一つパーツ的にこだわるべき場所があるとすれば、足周りになると思います。具体的に言えば、タイヤ・チューブ・ホイールです。前回のPBPを走行して色々と思うところがあったので、今回は足周りを変えました。その辺りは、次項で詳しく説明します。
今回の予定機材
今回のPBPでは以下の機材で行く予定です。
各部位別に、選択意図を説明します。
(1) フレーム・フォーク
細山製作所製のスチールフレームを使用します。フォークは、RITCHEYのカーボンです。
「スチールフレームがロングには最高!」というわけではありません。乗り心地的にはフルカーボンフレームの方が良いと思います。カーボンは素材自体の振動減衰・衝撃吸収性が高いので。ただ、ジオメトリや荷物の積載性、そして見た目にこだわろうとするとスチールも中々の選択肢だと思っています。乗り心地は足周りやその他のパーツでそれなりに修正が効きます。そういった意味で、乗り心地に寄与するフォークはカーボンのものを使っています。

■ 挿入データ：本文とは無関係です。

Lemma expR_le_quadratic (R : realType) (c y : R) :
  1 < c -> y <= 1 - c^-1 -> expR y <= 1 + y + c * y ^+ 2.
Proof.
move=> c1 yc.
have c0 : 0 < c by apply: lt_trans c1.
have cy : c * y <= c - 1.
  by have := ler_wpM2l (ltW c0) yc; rewrite mulrBr mulr1 mulfV ?lt0r_neq0.
have y1 : 0 < 1 - y by nra.
have e_inv : expR y * (1 - y) <= 1.
  have := ler_wpM2l (expR_ge0 y) (expR_ge1Dx (- y)).
  by rewrite expRN mulfV ?gt_eqF ?expR_gt0.
have quad : 1 <= (1 + y + c * y ^+ 2) * (1 - y).
  have : 0 <= y ^+ 2 * (c - 1 - c * y) by rewrite mulr_ge0 ?sqr_ge0 ?subr_ge0.
  nra.
by rewrite -(ler_pM2r y1); apply: le_trans quad.
Qed.

Lemma ltr_distl_div (R : realFieldType) (e th a c : R) : 0 < c ->
  (e < `|th - a / c|) = (e * c < `|th * c - a|).
Proof.
move=> c0; rewrite -ltr_pdivlMr // -[th in th - _](mulfK (lt0r_neq0 c0)).
by rewrite -mulrBl normrM normfV (gtr0_norm c0).
Qed.

Lemma sum_ffun_prod_tail_le (R : realType) (I : finType) (n : nat)
    (p u : I -> R) (lam c : R) :
  (forall j, 0 <= p j) -> 0 <= lam ->
  \sum_(f : {ffun 'I_n -> I} | c < \sum_(i < n) u (f i)) \prod_(i < n) p (f i)
  <= expR (- (lam * c)) * (\sum_j expR (lam * u j) * p j) ^+ n.
Proof.
move=> p0 lam0.
have -> : expR (- (lam * c)) * (\sum_j expR (lam * u j) * p j) ^+ n =
    \sum_(f : {ffun 'I_n -> I})
      expR (lam * (\sum_(i < n) u (f i) - c)) * \prod_(i < n) p (f i).
  rewrite -[in LHS](card_ord n) -prodr_const bigA_distr_bigA mulr_sumr.
  apply: eq_bigr => f _; rewrite big_split /= -expR_sum mulrA -expRD.
  by rewrite mulrBr mulr_sumr addrC.
rewrite big_mkcond /=; apply: ler_sum => f _.
have prod0 : 0 <= \prod_(i < n) p (f i) by apply: prodr_ge0.
case: ifP => [cu|_]; last by rewrite mulr_ge0 ?expR_ge0.
rewrite ler_peMl // (le_trans _ (expR_ge1Dx _)) // lerDl.
by rewrite mulr_ge0 // subr_ge0 ltW.
Qed.

Lemma discrete_mgf_le (R : realType) (I : finType) (p u : I -> R) (lam del : R) :
  (forall j, 0 <= p j) -> \sum_j p j = 1 -> \sum_j u j * p j <= del ->
  (forall j, `|u j| <= 1) -> 0 <= lam <= 3^-1 ->
  \sum_j expR (lam * u j) * p j <= expR (lam * del + 3 / 2 * lam ^+ 2).
Proof.
move=> p0 p1 up u1 /andP[lam0 lam3].
apply: le_trans (expR_ge1Dx _); rewrite addrA.
have termwise j : expR (lam * u j) * p j <= (1 + lam * u j + 3 / 2 * lam ^+ 2) * p j.
  apply: ler_wpM2r => //; have /andP[uN u1'] : -1 <= u j <= 1 by rewrite -ler_norml.
  apply: le_trans (expR_le_quadratic (c := 3 / 2) _ _) _.
  - by lra.
  - by rewrite (_ : 1 - (3 / 2)^-1 = 3^-1 :> R); [nra | field].
  - have : 0 <= lam ^+ 2 * (1 - u j ^+ 2) by apply: mulr_ge0; nra.
    by rewrite exprMn; nra.
apply: le_trans (ler_sum _ (fun j _ => termwise j)) _.
rewrite (_ : \sum_j _ =
    \sum_j p j + lam * \sum_j u j * p j + 3 / 2 * lam ^+ 2 * \sum_j p j).
  by rewrite p1; nra.
by rewrite !mulr_sumr -!big_split; apply: eq_bigr => j _ /=; ring.
Qed.

Lemma measurable_ltr_set d (T : measurableType d) (R : realType) (f g : T -> R) :
  measurable_fun setT f -> measurable_fun setT g -> measurable [set w | f w < g w].
Proof.
by move=> mf mg; rewrite -[X in measurable X]setTI; exact: measurable_fun_ltr.
Qed.

Lemma bounded_integrable d (T : measurableType d) (R : realType)
    (mu : probability T R) (f : T -> R) (C : R) :
  measurable_fun setT f -> (forall y, `|f y| <= C) -> mu.-integrable setT (EFin \o f).
Proof.
move=> mf fC; apply: measurable_bounded_integrable => //.
  by rewrite ltey_eq fin_num_measure.
exists C; split; first exact: num_real.
by move=> M CM y _; apply: le_trans (fC y) (ltW CM).
Qed.

Lemma bounded_dev_integrable d (T : measurableType d) (R : realType)
    (mu : probability T R) (phi : T -> R) (m : R) :
  measurable_fun setT phi -> (forall y, `|phi y - m| <= 1) ->
  mu.-integrable setT (EFin \o phi).
Proof.
move=> mphi phi1; apply: (@bounded_integrable _ _ _ _ _ (`|m| + 1)) => // y.
by rewrite -[phi y](subrK m) addrC (le_trans (ler_normD _ _)) // lerD2l.
Qed.

Section finite_range.
Context d (T : measurableType d) (R : realType) (I : finType) (b : T -> I).
Hypothesis mb : forall j, measurable (b @^-1` [set j]).

Lemma fun_finite_rangeE (c : I -> R) y :
  c (b y) = \sum_j c j * \1_(b @^-1` [set j]) y.
Proof.
rewrite (bigD1 (b y)) //= indicE mem_set // mulr1 big1 ?addr0 // => j bj.
by rewrite indicE memNset ?mulr0 //= => bjy; rewrite bjy eqxx in bj.
Qed.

ただ、PBPに行くと、普段着にミニベロのおじさんとか、数十年前のクラシック自転車で完走しちゃうおじさんとか普通にいるので、特にフレームで結果が決まるとは思いません。自分が乗って気持ちの良いフレームを使えば良いと思います。
(2) コンポーネント
SHIMANO Dura-Ace(9000/9100)を使用します。
とはいえ、こちらも「Duraじゃないと!」という話ではありません。前回のPBPはだいぶ昔のULTEGRA SLで完走しました。キャノボと同じで、整備さえきちんとされていればどんなコンポでも問題ないと思います。
電動コンポを使用する方は、充電を忘れずに。昨今の電動コンポならば1200kmは持つとは思いますが、それも充電が十分であればのこと。バッテリーが古い場合は新品にしておいたほうが良いでしょう。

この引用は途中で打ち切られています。